WORK TASK
Please copy every line from the following entries in which the word "forall" appears.

Collected data entries:
Lemma kernel_certificate_core (v : game R n) B lam x d :
  balancing_weights B lam -> in_core v x ->
  kernel_certificate chi (tight_outside v x B) (incidence_mx B) d ->
  exists2 y, in_core v y & y != x.
Proof.
move=> Blam xcore [d_neq0 Bd dW].
have dN : dot (chi [set: 'I_n]) d = 0.
  rewrite -(balancing_chi Blam) dot_suml big1 // => T TB.
  by rewrite (incidence_mx_ker Bd TB) mulr0.
have dE S : \sum_(i in S) [ffun i => d i 0] i = dot (chi S) d.
  by rewrite dot_chi; apply: eq_bigr => i _; rewrite ffunE.
have d_ge0 S : v S = \sum_(i in S) x i -> 0 <= \sum_(i in S) [ffun i => d i 0] i.
  move=> vS; rewrite dE; have [SB | SnB] := boolP (S \in B).
    by rewrite (incidence_mx_ker Bd SB).
  have [-> | S0] := eqVneq S set0; first by rewrite dot_chi big_set0.
  have [-> | ST] := eqVneq S [set: 'I_n]; first by rewrite dN.
  by apply: dW; rewrite inE SnB S0 ST vS eqxx.
have dsum : \sum_i [ffun i => d i 0] i = 0 by rewrite -sum_setT dE dN.
have [e e_gt0 ycore] := in_core_shift xcore d_ge0 dsum.
exists [ffun i => x i + e * [ffun i => d i 0] i] => //.
apply: contra d_neq0 => /eqP/ffunP y_x; apply/eqP/colP => i.
move: (y_x i); rewrite !ffunE mxE -{2}[x i]addr0 => /addrI/eqP.
by rewrite mulf_eq0 gt_eqF //= => /eqP.
Qed.

Lemma rowspace_certificate_relint (v : game R n) B lam x mu :
  set0 \notin B -> balancing_weights B lam -> rel_interior (facet B lam) v ->
  in_core v x -> ~ rowspace_certificate chi (tight_outside v x B) (incidence_mx B) mu.
Proof.
move=> B0 Blam vF xcore [mu_ge0 muW [S0 muS0] muB].
pose Wp := [set S | mu S != 0].
have WpW S : S \in Wp -> S \in tight_outside v x B.
  by rewrite inE; apply: contraR => /muW ->; rewrite eqxx.
have [a muBa] := sub_incidence_mx muB.
have muWp : \sum_(S in Wp) mu S *: chi S = \sum_(T in B) a T *: chi T.
  rewrite -muBa big_mkcond /=; apply: eq_bigr => S _.
  by rewrite inE; case: eqP => // ->; rewrite scale0r.
have WpB : [disjoint Wp & B].
  by rewrite disjoint_subset; apply/subsetP => S /WpW; rewrite !inE => /and4P[].
have mu_gt0 S : S \in Wp -> 0 < mu S by rewrite inE lt_def => ->; rewrite mu_ge0.
have [wD Dw] := balanced_extension Blam WpB mu_gt0 muWp.
have S0Wp : S0 \in Wp by rewrite inE.
have := WpW _ S0Wp; rewrite inE => /and4P[S0B _ S0T /eqP vS0].
have D0 : set0 \notin Wp :|: B.
  by rewrite in_setU negb_or B0 andbT; apply/negP => /WpW; rewrite inE eqxx /= andbF.
have Dtight S : S \in Wp :|: B -> S \notin B -> S != S0 -> v S = \sum_(i in S) x i.
  by rewrite in_setU => /orP[/WpW | -> //]; rewrite inE => /and4P[_ _ _ /eqP].
have := relint_core_slack vF Blam xcore D0 Dw _ S0B S0T Dtight.
by rewrite in_setU S0Wp vS0 ltxx => /(_ isT).
Qed.

Lemma relint_facet_not_core_single_point (v : game R n) B lam :
  Bstar R B -> balancing_weights B lam -> #|B| <> n ->
  rel_interior (facet B lam) v -> ~ core_single_point v.
Proof.
move=> [Bmin _] Blam cardB vF [x x_uniq].
have xcore : in_core v x by apply/x_uniq.
have rB : (\rank (incidence_mx B) < n)%N.
  rewrite (leq_ltn_trans (rank_leq_row _)) // ltn_neqAle.
  by rewrite card_minimal_balanced // andbT; apply/eqP.
have [[d d_cert] | [mu mu_cert]] :=
  kernel_or_rowspace_certificate chi (tight_outside v x B) rB.
  by have [y /x_uniq ->] := kernel_certificate_core Blam xcore d_cert; rewrite eqxx.
by apply: (rowspace_certificate_relint _ Blam vF xcore mu_cert); case: Bmin => -[].
Qed.

End BalancedGames.

Theorem theorem17 (R : realFieldType) (n : nat) (B : {set {set 'I_n}})
  (lam : {set 'I_n} -> R) :
  (0 < n)%N -> Bstar R B -> balancing_weights B lam ->
  (#|B| = n -> forall v : game R n, facet B lam v -> core_single_point v) /\
  (#|B| <> n -> forall v : game R n,
      rel_interior (facet B lam) v -> ~ core_single_point v).
Proof.
move=> n_gt0 BB Blam; split=> cardB v.
  exact: facet_core_single_point.
exact: relint_facet_not_core_single_point.
Qed.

REPLY
  (#|B| = n -> forall v : game R n, facet B lam v -> core_single_point v) /\
  (#|B| <> n -> forall v : game R n,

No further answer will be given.